■ **Assignment**
What you produce should be every line from the data that includes "Lemma".
Input records START
(* The space $\mathcal O_2$ is homotopy equivalent to the circle $S^1$.
   Context: A polynomial knot is a map $\phi:\mathbb R\to\mathbb R^3$ with real polynomial components which is a smooth embedding ($\phi$ injective and $\phi'(t)\neq0$ for all $t$). $\mathcal A_2$ is the set of polynomial maps $t\mapsto(a_0,\ b_0+b_1t,\ c_0+c_1t+c_2t^2)$ with $(a_0,b_0,b_1,c_0,c_1,c_2)\in\mathbb R^6$ arbitrary, topologized by identifying it with $\mathbb R^6$ via its coefficient vector. $\mathcal O_2$ is the subspace of $\mathcal A_2$ consisting of polynomial knots. *)

From Stdlib Require Import Reals Lra.
Open Scope R_scope.

(** A "space" is a type together with a distance function; all spaces used
    below are subspaces of Euclidean spaces with the Euclidean distance. *)
Definition continuous_map {A B : Type} (dA : A -> A -> R) (dB : B -> B -> R)
  (f : A -> B) : Prop :=
  forall (x : A) (eps : R), 0 < eps ->
    exists delta : R, 0 < delta /\
      forall y : A, dA x y < delta -> dB (f x) (f y) < eps.

Definition I01 : Type := { s : R | 0 <= s <= 1 }.

Lemma I01_0_proof : 0 <= 0 <= 1. Proof. lra. Qed.
Lemma I01_1_proof : 0 <= 1 <= 1. Proof. lra. Qed.
Definition I01_0 : I01 := exist _ 0 I01_0_proof.
Definition I01_1 : I01 := exist _ 1 I01_1_proof.

(** Product metric (max metric) on A x [0,1]; it induces the product topology. *)
Definition dprodI {A : Type} (dA : A -> A -> R) (p q : A * I01) : R :=
  Rmax (dA (fst p) (fst q)) (Rabs (proj1_sig (snd p) - proj1_sig (snd q))).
Input records END
■ **Solution**
Lemma I01_0_proof : 0 <= 0 <= 1. Proof. lra. Qed.
Lemma I01_1_proof : 0 <= 1 <= 1. Proof. lra. Qed.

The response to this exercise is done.